In my lighter moments, I joke about losing five pounds of fat the fast way. “Good bye lefty!” and it’s okay. When I’m scared, I worry we’re not moving fast enough. I can hear Julia Sugarbaker reeming out the male doctor who didn’t address breast cancer swiftly. “You’re a seemingly kind, benevolent authority figure who tells women to let you do their worrying for them. Well, there’s just one thing wrong with that—you don’t have to do the dying.” with each day that the process of getting this beaten gets delayed. When it starts to loom, I want time to slow to a crawl, if only because, I know recovery will be hard and I’ve cried. We compare it to the familiar, childbirth, braces, surgery, and know all of them fall short.
For a few days, Cancer blunted everything. It still dulls prayer…not because I don’t know I should pray, but because I feel like the paralyzed man, I feel stuck. It’s been heartening to know from the many who have reached out, that there are many trying to break open the roof to place my needs before Christ. Right now, I’m reduced to using the rosary beads as a petitionary prayer –it’s not rich, it’s foxhole anxious and hyper aware of being foxhole anxious…where prayer feels like it’s doing nothing, and often gets done in a stacato and stuttering fashion. I know God takes it and knows exactly where I am…but it still persist in being a labor of endurance rather than devotion at the moment. God knows I love Him. He also knows I’m damn weak. Both and…that’s what all this means…being sick, yet offered healing, weak yet persistent. All the contradictions change. They are no longer either ors, they are both ands.

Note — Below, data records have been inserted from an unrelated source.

Local Notation E := (cexp (- lam * tau0%:C)).

Lemma Lop_integrandE (x r : R) :
  Jker c mu x r * eps_tensor lam (qfun rho Gam) (- tau0 - `|x - r|) r =
  \sum_(i < N) \sum_(l < N)
     (c i * E * gp l * expabs x (k i) (rho l) r
    + c i * E * gm l * expabs x (k i) (- rho l) r).
Proof.
rewrite /Jker /eps_tensor /qfun mulr_suml; apply: eq_bigr => i _.
rewrite !mulr_sumr; apply: eq_bigr => l _; rewrite /expabs.
have delay : cexp (- mu i * (`|x - r|)%:C) * cexp (lam * (- tau0 - `|x - r|)%:C) =
    E * cexp (- k i * (`|x - r|)%:C).
  by rewrite -!cexpD; congr cexp; rewrite /kk rmorphB rmorphN; ring.
transitivity (c i * (cexp (- mu i * (`|x - r|)%:C) * cexp (lam * (- tau0 - `|x - r|)%:C))
  * (gp l * cexp (rho l * r%:C) + gm l * cexp (- rho l * r%:C))); first by ring.
by rewrite delay; ring.
Qed.

(* Each integral splits into a multiple of e^{+-rho_l x}, a boundary term at
   r = -1 and one at r = 1. *)
Lemma int_expabs_pairE (x : R) (i l : 'I_N) :
  k i - rho l != 0 -> k i + rho l != 0 ->
  c i * E * gp l * int_expabs x (k i) (rho l)
  + c i * E * gm l * int_expabs x (k i) (- rho l) =
  (gp l * cexp (rho l * x%:C) + gm l * cexp (- rho l * x%:C)) *
    (E * (c i * (2%:R * k i / ((k i - rho l) * (k i + rho l)))))
  - c i * E * cexp (- k i * (x + 1)%:C) *
    (gp l * (cexp (- rho l) / (k i + rho l)) + gm l * (cexp (rho l) / (k i - rho l)))
  - c i * E * cexp (k i * (x - 1)%:C) *
    (gp l * (cexp (rho l) / (k i - rho l)) + gm l * (cexp (- rho l) / (k i + rho l))).
Proof. by move=> kBr kDr; rewrite /int_expabs !opprK; field; rewrite kBr kDr. Qed.

Lemma Lop_eps_tensor_qfun (x : R) : -1 <= x <= 1 ->
  (forall l i, k i != rho l /\ k i != - rho l) ->
  (forall l, Pchar alpha tau0 c mu lam (rho l) = 0) ->
  Smat mu lam rho *m Gam = 0 ->
  Lop c mu tau0 (eps_tensor lam (qfun rho Gam)) x = (lam + alpha%:C) * qfun rho Gam x.
Proof.
move=> hx krho Prho0 SGam0.
have kBr i l : k i - rho l != 0 by rewrite subr_eq0; case: (krho l i).
have kDr i l : k i + rho l != 0 by rewrite addr_eq0; case: (krho l i).
have -> : Lop c mu tau0 (eps_tensor lam (qfun rho Gam)) x =
    \sum_(i < N) \sum_(l < N) (c i * E * gp l * int_expabs x (k i) (rho l)
                            + c i * E * gm l * int_expabs x (k i) (- rho l)).
  rewrite /Lop (eq_fun (Lop_integrandE x)).
  apply: split_integral_cint11 hx _ _.
    apply: ccontinuous_sum => i _; apply: ccontinuous_sum => l _.
    by apply: ccontinuousD; apply: ccontinuousM;
      (apply: ccontinuous_cst || apply: ccontinuous_expabs).
  apply: split_integral_sum => i _; apply: split_integral_sum => l _.
  apply: split_integralD; apply: split_integralZ; apply: split_integral_expabs => //.
  by rewrite opprK.
under eq_bigr do under eq_bigr do rewrite int_expabs_pairE //.
under eq_bigr do rewrite !sumrB.
rewrite !sumrB [X in _ - X - _]big1 => [|i _]; last first.
  by rewrite -mulr_sumr Smat_mulmx_bottom // mulr0.
rewrite [X in _ - X]big1 => [|i _]; last by rewrite -mulr_sumr Smat_mulmx_top // mulr0.
rewrite !subr0 exchange_big /qfun mulr_sumr; apply: eq_bigr => l _.
rewrite -2!mulr_sumr (Pchar_root_sum (Prho0 l)) => [|i]; first exact: mulrC.
exact: conj (kBr i l) (kDr i l).
Qed.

My grandfather said this, as did my dad. “Sooner or later, you’ll fall to your knees and bawl like a baby.” and that’s pretty much where I am if I let myself fall too deeply into feeling. I’m at the cross trying not to fawn, trying not to freeze, trying not to fight, trying not to flee. I’m trying to face Jesus. I’m trying to face this through Him. And I’ll be praying to have faced this. Praying to hear, “take up your matt and walk.” and realize I should first hope for, “Your sins are forgiven.” Christ takes us in all our messy both and reality and blesses it.
My husband walks by and kisses my forehead, a reminder that I am loved, I am loved by those here and those in Heaven and by the One who rules Heaven. For the moment, the cancer feels like a matt I can both pick up and carry.